Mozilla/llava-v1.5-7b-llamafile · Hey :) LMstudio support and picking your brain

Dec 3, 2023

Hi. I did the 13B GGUF for these and was wondering if you would be so kind as to point me at the docs / script / something you used to compress the CLIP mmproj - I recall seeing something like that being available on some linux branch of something but for the life of me can't dredge it up.
Would really appreciate the assist.

In other news. To make this LMstudio compatible OOTB you might consider renaming the adaptors to mmproj-Q4_0.gguf (et al)

then it will "just work TM"

Thanks for this version.

PsiPi

Dec 3, 2023

•

edited Dec 3, 2023

In addition, if you were provide the file llava.preset.json as shown here

in the repo like this

that would also preload the LMstudio template. Hope it helps

jartine

mozilla org Dec 5, 2023

Hey! I heard about your project for the first time a few days ago. It's pretty cool.

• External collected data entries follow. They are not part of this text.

(* Let $\underline{l}=\min_k l_k$ and let $\mathcal{Y}_c=\{y\in\mathbb{Z}: \lfloor-\beta/\underline{l}\rfloor\le y\le\lceil\beta/\underline{l}\rceil+\alpha\}$. Let $\mathcal{Y}$ be an output alphabet with $\mathcal{Y}_c\subseteq\mathcal{Y}\subseteq\mathbb{Z}$, let $\Delta\ge 0$, and let $P_{\mathbf{Y}|\mathbf{X}}\in\Gamma_{\mathcal{Y}}(\Delta)$. Then there exists a function $F:\mathcal{Y}^n\to\mathcal{Y}_c^n$ such that the policy $F\circ P_{\mathbf{Y}|\mathbf{X}}$ (i.e. $\mathbf{x}\mapsto$ the law of $F(\mathbf{Y})$ for $\mathbf{Y}\sim P_{\mathbf{Y}|\mathbf{X}=\mathbf{x}}$) belongs to $\Gamma_{\mathcal{Y}_c}(\Delta)$.
   Context: Fix integers $\alpha\ge 1$, $\beta\ge 0$, $n\ge 1$, and an initial state $s_0\in\mathcal{S}=\{0,\dots,\beta\}$. Let $\mathcal{X}=\{0,\dots,\alpha\}$. For $\mathbf{x}\in\mathcal{X}^n$, $\mathbf{y}\in\mathbb{Z}^n$ the battery states are $s_i=s_0+\sum_{k=0}^{i-1}y_k-\sum_{k=0}^{i-1}x_k$, $i=0,\dots,n$, and for an output alphabet $\mathcal{Y}\subseteq\mathbb{Z}$ with $\mathcal{X}\subseteq\mathcal{Y}$, $\mathcal{Y}^n(s_0,\mathbf{x})=\{\mathbf{y}\in\mathcal{Y}^n: s_i\in\{0,\dots,\beta\}\ \forall i=0,\dots,n\}$. A battery policy with output alphabet $\mathcal{Y}$ is a conditional distribution $P_{\mathbf{Y}|\mathbf{X}}$ from $\mathcal{X}^n$ to $\mathcal{Y}^n$; it is feasible if $\mathrm{supp}(P_{\mathbf{Y}|\mathbf{X}=\mathbf{x}})\subseteq\mathcal{Y}^n(s_0,\mathbf{x})$ for all $\mathbf{x}$; the set of feasible policies is $\Omega_{\mathcal{Y}}(s_0)$. Market price: a positive integer $K$, block lengths $l_0,\dots,l_{K-1}\ge 1$ with $\sum_k l_k=n$, prices $m_0,\dots,m_{K-1}\in\mathbb{R}$, and $\mathbf{m}\in\mathbb{R}^n$ the vector equal to $m_k$ on the $l_k$ consecutive time steps of block $k$ (blocks in order). The cost of a policy at $\mathbf{x}$ is $g(P_{\mathbf{Y}|\mathbf{X}},\mathbf{x})=\mathbb{E}_{P_{\mathbf{Y}|\mathbf{X}=\mathbf{x}}}[\mathbf{m}^T\mathbf{Y}]-\min_{\mathbf{y}\in\mathcal{Y}^n(s_0,\mathbf{x})}\mathbf{m}^T\mathbf{y}$. For $\Delta\ge0$, $\Gamma_{\mathcal{Y}}(\Delta)=\{P_{\mathbf{Y}|\mathbf{X}}\in\Omega_{\mathcal{Y}}(s_0): g(P_{\mathbf{Y}|\mathbf{X}},\mathbf{x})\le\Delta\ \forall\mathbf{x}\in\mathcal{X}^n\}$ is the set of feasible $\Delta$-affordable policies. *)

From HB Require Import structures.
From mathcomp Require Import all_boot all_order all_algebra.
Set Implicit Arguments.
Unset Strict Implicit.
Unset Printing Implicit Defensive.
Import Order.TTheory GRing.Theory Num.Theory.
Local Open Scope ring_scope.

(* Input sequences x in X^n, X = {0..alpha}: n.-tuple 'I_alpha.+1.
   Output sequences y in Z^n: n.-tuple int. *)

Definition state (alpha n s0 : nat) (x : n.-tuple 'I_alpha.+1)
    (y : n.-tuple int) (i : nat) : int :=
  s0%:Z + \sum_(k < n | (k < i)%N) tnth y k
        - \sum_(k < n | (k < i)%N) (nat_of_ord (tnth x k))%:Z.

Definition Yn_mem (Y : pred int) (alpha beta n s0 : nat)
    (x : n.-tuple 'I_alpha.+1) (y : n.-tuple int) : bool :=
  all Y y &&
  [forall i : 'I_n.+1, (0 <= state s0 x y i) && (state s0 x y i <= beta%:Z)].

(* The finite box [-beta, beta+alpha]^n, which contains Y^n(s0,x) for every
   Y ⊆ Z (since y_k = s_{k+1} - s_k + x_k).  Used only to enumerate the
   finite set Y^n(s0,x) in order to take its minimum. *)
Definition box (alpha beta n : nat) : seq (n.-tuple int) :=
  [seq map_tuple (fun i : 'I_(alpha + 2 * beta).+1 => (nat_of_ord i)%:Z - beta%:Z) t
  | t : n.-tuple 'I_(alpha + 2 * beta).+1].

Definition Yn_seq (Y : pred int) (alpha beta n s0 : nat)
    (x : n.-tuple 'I_alpha.+1) : seq (n.-tuple int) :=
  [seq y <- box alpha beta n | Yn_mem Y beta s0 x y].

Definition mvec (R : realFieldType) (K : nat) (l : 'I_K -> nat) (mk : 'I_K -> R)
    (t : nat) : R :=
  \sum_(k < K)
     (if ((\sum_(j < K | (j < k)%N) l j <= t)
          && (t < \sum_(j < K | (j <= k)%N) l j))%N
      then mk k else 0).

Definition mdot (R : realFieldType) (K : nat) (l : 'I_K -> nat) (mk : 'I_K -> R)
    (n : nat) (y : n.-tuple int) : R :=
  \sum_(i < n) mvec l mk i * (tnth y i)%:~R.

(* minimum of f over a finite list (0 on the empty list; never used there) *)
Definition min_over (R : realFieldType) (T : Type) (S : seq T) (f : T -> R) : R :=
  if S is y0 :: _ then \big[Num.min/f y0]_(y <- S) f y else 0.

(* A finitely supported probability distribution on Z^n, given as a list
   of (outcome, weight) pairs; its law assigns to y the total weight of y. *)
Definition fdist (R : realFieldType) (n : nat) := seq (n.-tuple int * R).

Definition is_dist (R : realFieldType) (n : nat) (d : fdist R n) : bool :=
  all (fun p => 0 <= p.2) d && (\sum_(p <- d) p.2 == 1).

Definition law (R : realFieldType) (n : nat) (d : fdist R n) (y : n.-tuple int) : R :=
  \sum_(p <- d | p.1 == y) p.2.

Definition expect_cost (R : realFieldType) (K : nat) (l : 'I_K -> nat)
    (mk : 'I_K -> R) (n : nat) (d : fdist R n) : R :=
  \sum_(p <- d) p.2 * @mdot R K l mk n p.1.

Definition policy (R : realFieldType) (alpha n : nat) :=
  n.-tuple 'I_alpha.+1 -> fdist R n.

Definition cost (R : realFieldType) (Y : pred int) (alpha beta n s0 K : nat)
    (l : 'I_K -> nat) (mk : 'I_K -> R) (P : policy R alpha n)
    (x : n.-tuple 'I_alpha.+1) : R :=
  expect_cost l mk (P x) - min_over (Yn_seq Y beta s0 x) (@mdot R K l mk n).

Definition in_Gamma (R : realFieldType) (Y : pred int) (alpha beta n s0 K : nat)
    (l : 'I_K -> nat) (mk : 'I_K -> R) (Delta : R) (P : policy R alpha n) : Prop :=
  forall x : n.-tuple 'I_alpha.+1,
    [/\ is_dist (P x),
        (forall y, law (P x) y != 0 -> Yn_mem Y beta s0 x y)
      & cost Y beta s0 l mk P x <= Delta].

Definition push (R : realFieldType) (alpha n : nat)
    (F : n.-tuple int -> n.-tuple int) (P : policy R alpha n) : policy R alpha n :=
  fun x => [seq (F p.1, p.2) | p <- P x].

(* underline l = min_k l_k  (n is a neutral start value since l_k <= n) *)
Definition lmin (K n : nat) (l : 'I_K -> nat) : nat := \big[minn/n]_(k < K) l k.

(* Y_c = { y : floor(-beta/lmin) <= y <= ceil(beta/lmin) + alpha };
   intdiv's %/ with positive divisor is floor division, and
   ceil(beta/L) = - floor(-beta/L). *)
Definition Yc (alpha beta L : nat) : pred int :=
  fun y => (((- beta%:Z) %/ L%:Z)%Z <= y)
           && (y <= - ((- beta%:Z) %/ L%:Z)%Z + alpha%:Z).

(* Inside one price block the price m^T y only depends on the block sum of y,
   so output may be moved freely between times of the same block.  Let y be
   feasible for some input and let y_t > hi (resp. y_t < lo).  The block of t
   contains an output below hi (resp. above lo): otherwise the net inflow over
   the block, which has length at least L, would exceed beta (resp. fall below
   -beta).  Moving one unit between t and the NEAREST such partner keeps the
   price, strictly decreases the total excess mu of y outside [lo, hi], and
   keeps y feasible for every input for which it was feasible, since the
   states between the two times only move away from the bound they approach.
   Iterating yields an output in Y_c^n (clip_exists), and choosing one for
   every y yields the map F (clip_function).  The image policy F o P has the
   same weights and the same expected price as P, a feasible support, and the
   minimal price over the smaller alphabet Y_c can only be larger; hence its
   cost is still at most Delta. *)

From HB Require Import structures.
From mathcomp Require Import all_boot all_order all_algebra.
From mathcomp Require Import zify ring lra.
Set Implicit Arguments.
Unset Strict Implicit.
Unset Printing Implicit Defensive.
Import Order.TTheory GRing.Theory Num.Theory.
Local Open Scope ring_scope.

Lemma increments_gain (s : nat -> int) (c : int) a b k :
  (a <= k < b)%N ->
  (forall t, (a <= t < b)%N -> c + (t == k)%:Z <= s t.+1 - s t) ->
  s a + (b - a)%:Z * c + 1 <= s b.
Proof.
move=> kab inc; have ab : (a <= b)%N by lia.
have := ler_sum_nat inc; rewrite telescope_sumr // big_split /= sumr_const_nat.
have -> : \sum_(a <= t < b) (t == k)%:Z = 1.
  rewrite (eq_bigr (fun t => if t == k then 1 else 0)); last by move=> t _; case: eqP.
  by rewrite -big_mkcond big_nat1_eq kab.
rewrite -mulr_natr natz; lia.
Qed.

Lemma nearest_after (P : pred nat) t j0 : (t < j0)%N -> P j0 ->
  exists j, [/\ (t < j <= j0)%N, P j & forall u, (t < u < j)%N -> ~~ P u].
Proof.
move=> tj0 Pj0; have ex : exists m, (t < m)%N && P m by exists j0; rewrite tj0.
case: (ex_minnP ex) => j /andP[tj Pj] jmin; exists j; split => //.
- by rewrite tj /=; apply: jmin; rewrite tj0.
- move=> u /andP[tu uj]; apply/negP => Pu.
  by have := jmin u; rewrite tu Pu => /(_ isT); lia.
Qed.

Lemma nearest_before (P : pred nat) t j0 : (j0 < t)%N -> P j0 ->
  exists j, [/\ (j0 <= j < t)%N, P j & forall u, (j < u < t)%N -> ~~ P u].
Proof.
move=> j0t Pj0; have ex : exists m, (m < t)%N && P m by exists j0; rewrite j0t.
have ub : forall m, (m < t)%N && P m -> (m <= t)%N by move=> m /andP[/ltnW].
case: (ex_maxnP ex ub) => j /andP[jt Pj] jmax; exists j; split => //.
- by rewrite jt andbT; apply: jmax; rewrite j0t.
- move=> u /andP[ju ut]; apply/negP => Pu.
  by have := jmax u; rewrite ut Pu => /(_ isT); lia.
Qed.

Lemma leq_sum_subpred (I : finType) (P Q : pred I) (F : I -> nat) :
  subpred P Q -> (\sum_(i | P i) F i <= \sum_(i | Q i) F i)%N.
Proof.
move=> PQ; rewrite [X in (_ <= X)%N](bigID P) /= (eq_bigl P) ?leq_addr // => i.
by apply/andP/idP => [[]//| Pi]; rewrite (PQ i Pi).
Qed.

Lemma min_over_subset (R : realFieldType) (T : eqType) (S1 S2 : seq T) (f : T -> R) :
  {subset S1 <= S2} -> S1 != [::] -> min_over S2 f <= min_over S1 f.
Proof.
case: S1 => [//|a S1] sub _; case: S2 sub => [|b S2] sub; first by have := sub a (mem_head _ _).
have below z : z \in a :: S1 -> min_over (b :: S2) f <= f z.
  by move=> /sub zS2; apply: ge_bigmin_seq.
rewrite [X in _ <= X]/min_over [X in _ <= X]big_seq.
apply: le_bigmin; [apply: below; exact: mem_head | exact: below].
Qed.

If you need to quantize the clip mmproj files, you can use the llamafile-llava-quantize-0.2.1 program from https://github.com/Mozilla-Ocho/llamafile/releases/tag/0.2.1

All the code that's needed for doing this is in the llama.cpp project upstream. But no one wrote a main() function for it until I came along. I hope you find it useful. I'm very much forward to using LLaVA 13B when you post it, since I honestly have no idea how to quantize the other file!

jartine changed discussion status to closed Dec 5, 2023

PsiPi

Dec 7, 2023

Thanks very much. I'm also on the verge of releasing NOUS . again I will eventually be using the encoding quantiser when I get it working - in the interim Ill just post what I have.